Townland in County Waterford, Ireland

Abbeyside is a townland in Dungarvan in County Waterford, Ireland. It lies on the east bank of the Colligan River.

==History==
MacGrath's Castle was a notable landmark in Abbeyside, overlooking Dungarvan Harbour, until it collapsed in January 1916. It was situated at Friar's Walk in Abbeyside, near the Augustinian abbey. It was a six-storey tower house, reputedly built by the MacGrath family, and labelled MacCragh's Castle in the Civil Survey of 1654. While, as of the mid-18th century, it was still in a "good state of preservation", by the mid-20th century only fragments of the walls remained. These were subsequently removed, and no remnants of the castle remain visible above ground.

==Sport==
The local GAA club is Abbeyside/Ballinacourty GAA. The club plays both hurling and gaelic football and competes in both senior codes in the county.

The village also has a local soccer team, Abbeyside AFC, the team plays in the Waterford District league Division 1B, the club's most successful moment came in 2011 winning the 1B division. The club also have a u14 team youths and a division 3 team.

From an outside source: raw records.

(* Let $(M,g)$ be a Lorentzian manifold of dimension $m\ge 3$ which is $k$ Osserman for some $1\le k\le m-1$. Then $(M,g)$ has constant sectional curvature.
   Context: Let $R$ be the curvature tensor of the Levi-Civita connection of $(M,g)$, viewed as a $4$-tensor, and for $x\in T_PM$ let $\mathcal{J}_R(x)$ be the Jacobi operator defined by $g(\mathcal{J}_R(x)y,w)=R(y,x,x,w)$. For a non-degenerate $k$-dimensional subspace $\sigma\subset T_PM$ with orthonormal basis $\{e_1,\dots,e_k\}$, $\mathcal{J}_R(\sigma)=\sum_{i=1}^k g(e_i,e_i)\mathcal{J}_R(e_i)$. $(M,g)$ is $k$ Osserman if the eigenvalues of $\mathcal{J}_R(\sigma)$ are constant on the Grassmannian of non-degenerate $k$-planes in $TM$. *)

(* Pointwise model of a Lorentzian manifold. *)
From HB Require Import structures.
From mathcomp Require Import all_boot all_order all_algebra.
From mathcomp Require Import complex reals.
Set Implicit Arguments. Unset Strict Implicit. Unset Printing Implicit Defensive.
Import Order.TTheory GRing.Theory Num.Theory.
Local Open Scope ring_scope.

Section Defs.
Variables (R : realType) (m : nat).

Definition minkowski : 'M[R]_m :=
  \matrix_(i, j) (if i == j then (if val i == 0%N then -1 else 1) else 0).

Definition gmet (u v : 'rV[R]_m) : R := (u *m minkowski *m v^T) ord0 ord0.

Definition tensor4 := 'I_m -> 'I_m -> 'I_m -> 'I_m -> R.

Definition eval4 (Rc : tensor4) (x y z w : 'rV[R]_m) : R :=
  \sum_i \sum_j \sum_k \sum_l x 0 i * y 0 j * z 0 k * w 0 l * Rc i j k l.

Definition alg_curv (Rc : tensor4) : Prop :=
  [/\ forall i j k l, Rc i j k l = - Rc j i k l,
      forall i j k l, Rc i j k l = - Rc i j l k,
      forall i j k l, Rc i j k l = Rc k l i j
    & forall i j k l, Rc i j k l + Rc j k i l + Rc k i j l = 0].

(* Jacobi operator J(x), acting on row vectors y |-> y *m J(x), characterized by
   g(J(x) y, w) = R(y,x,x,w); explicitly J(x) = B(x) * eta^{-1}, eta^{-1}=eta. *)
Definition jacobi (Rc : tensor4) (x : 'rV[R]_m) : 'M[R]_m :=
  (\matrix_(i, l) eval4 Rc (delta_mx 0 i) x x (delta_mx 0 l)) *m minkowski.

(* Rows of E form an orthonormal basis of a non-degenerate k-plane. *)
Definition orthonormal_frame (k : nat) (E : 'M[R]_(k, m)) : Prop :=
  let G := E *m minkowski *m E^T in
  (forall i j, i != j -> G i j = 0) /\ (forall i, G i i = 1 \/ G i i = -1).

Definition jacobi_plane (Rc : tensor4) (k : nat) (E : 'M[R]_(k, m)) : 'M[R]_m :=
  \sum_(i < k) gmet (row i E) (row i E) *: jacobi Rc (row i E).

Definition eigenvalueC (A : 'M[R]_m) (z : R[i]) : bool :=
  root (map_poly (fun x : R => (x%:C)%C) (char_poly A)) z.

Definition k_osserman (M : Type) (Rm : M -> tensor4) (k : nat) : Prop :=
  forall (P Q : M) (E F : 'M[R]_(k, m)),
    orthonormal_frame E -> orthonormal_frame F ->
    forall z : R[i], eigenvalueC (jacobi_plane (Rm P) E) z =
                     eigenvalueC (jacobi_plane (Rm Q) F) z.

Definition plane_det (x y : 'rV[R]_m) : R :=
  gmet x x * gmet y y - gmet x y ^+ 2.

Definition sectional_curvature (Rc : tensor4) (x y : 'rV[R]_m) : R :=
  eval4 Rc x y y x / plane_det x y.

Definition constant_sectional_curvature (M : Type) (Rm : M -> tensor4) : Prop :=
  exists c : R, forall (P : M) (x y : 'rV[R]_m),
    plane_det x y != 0 -> sectional_curvature (Rm P) x y = c.

End Defs.

(* Fix a point and a Lorentz frame f_0, ..., f_(m-1), with f_0 timelike. The k-frames
   (cosh t f_0 + sinh t f_1, f_2, ..., f_k) are orthonormal and, with l = e^t, their
   Jacobi operator is l^2 P + Q + l^-2 S where P = - J(u) / 4 for the null vector
   u = f_0 + f_1. The k-Osserman condition fixes the spectrum, so tr J(sigma)^2 stays
   bounded and tr P^2 = 0; in the frame, tr J(u)^2 is the sum of the squares of
   R(f_a, u, u, f_b) for a, b >= 2, which therefore vanish. Relabelling the frame and
   rotating spatial pairs turns this into enough linear identities to force R = c G at
   each point, where c = R(e_1, e_2, e_2, e_1) and G is the curvature tensor of constant
   curvature 1. Then J(sigma) = c (k - pi_sigma) has the eigenvalues k c and (k - 1) c,
   and comparing spectra at two points shows that c is constant. *)

From HB Require Import structures.
From mathcomp Require Import all_boot all_order all_algebra fingroup perm.
From mathcomp Require Import complex reals.
From mathcomp Require Import ring lra zify.
From Stdlib Require Import Classical.
Import Order.TTheory GRing.Theory Num.Theory.
Local Open Scope ring_scope.

Set Implicit Arguments. Unset Strict Implicit. Unset Printing Implicit Defensive.

Section Minkowski.
Variables (R : realType) (m : nat).
Local Notation eta := (minkowski R m).
Local Notation e i := (delta_mx 0 i : 'rV[R]_m).
Implicit Types (u v w x y z : 'rV[R]_m) (T : tensor4 R m).

Definition msign (i : 'I_m) : R := if val i == 0%N then -1 else 1.

Lemma msign_sqr i : msign i * msign i = 1.
Proof. by rewrite /msign; case: ifP => _; rewrite ?mulrNN mulr1. Qed.

Lemma msign_spacelike (i : 'I_m) : (i : nat) != 0%N -> msign i = 1.
Proof. by rewrite /msign => /negPf ->. Qed.

Lemma minkowskiE i j : eta i j = if i == j then msign i else 0.
Proof. by rewrite mxE. Qed.

Lemma minkowski_sym i j : eta i j = eta j i.
Proof. by rewrite !minkowskiE eq_sym; case: eqP => // ->. Qed.

Lemma mulmx_minkowski p (A : 'M[R]_(p, m)) i j : (A *m eta) i j = A i j * msign j.
Proof.
rewrite mxE (bigD1 j) //= big1 ?addr0; first by rewrite minkowskiE eqxx.
by move=> l /negPf lj; rewrite minkowskiE lj mulr0.
Qed.

Lemma minkowski_invol : eta *m eta = 1%:M.
Proof.
apply/matrixP=> i j; rewrite mulmx_minkowski minkowskiE !mxE.
by case: eqP => [->|_]; rewrite ?msign_sqr ?mul0r.
Qed.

Stage 2 of the 1998 Tour de France passed through Abbeyside.

==Notable people==
- Ernest Thomas Sinton Walton (6 October 1903 – 25 June 1995), physicist and Nobel Laureate was born in Abbeyside. Walton is known for his work with John Cockcroft on the splitting of the atom. The "Walton Causeway Park" in Abbeyside was dedicated in his honour. Walton himself attended the ceremony in 1989. After his death, a plaque was placed on the site of his birthplace in Abbeyside.
- Louis Claude Purser (28 September 1854 – 20 March 1932), classical scholar, was born here.
- Sarah Purser (22 March 1848 - 1943), portrait painter, was raised in Abbeyside.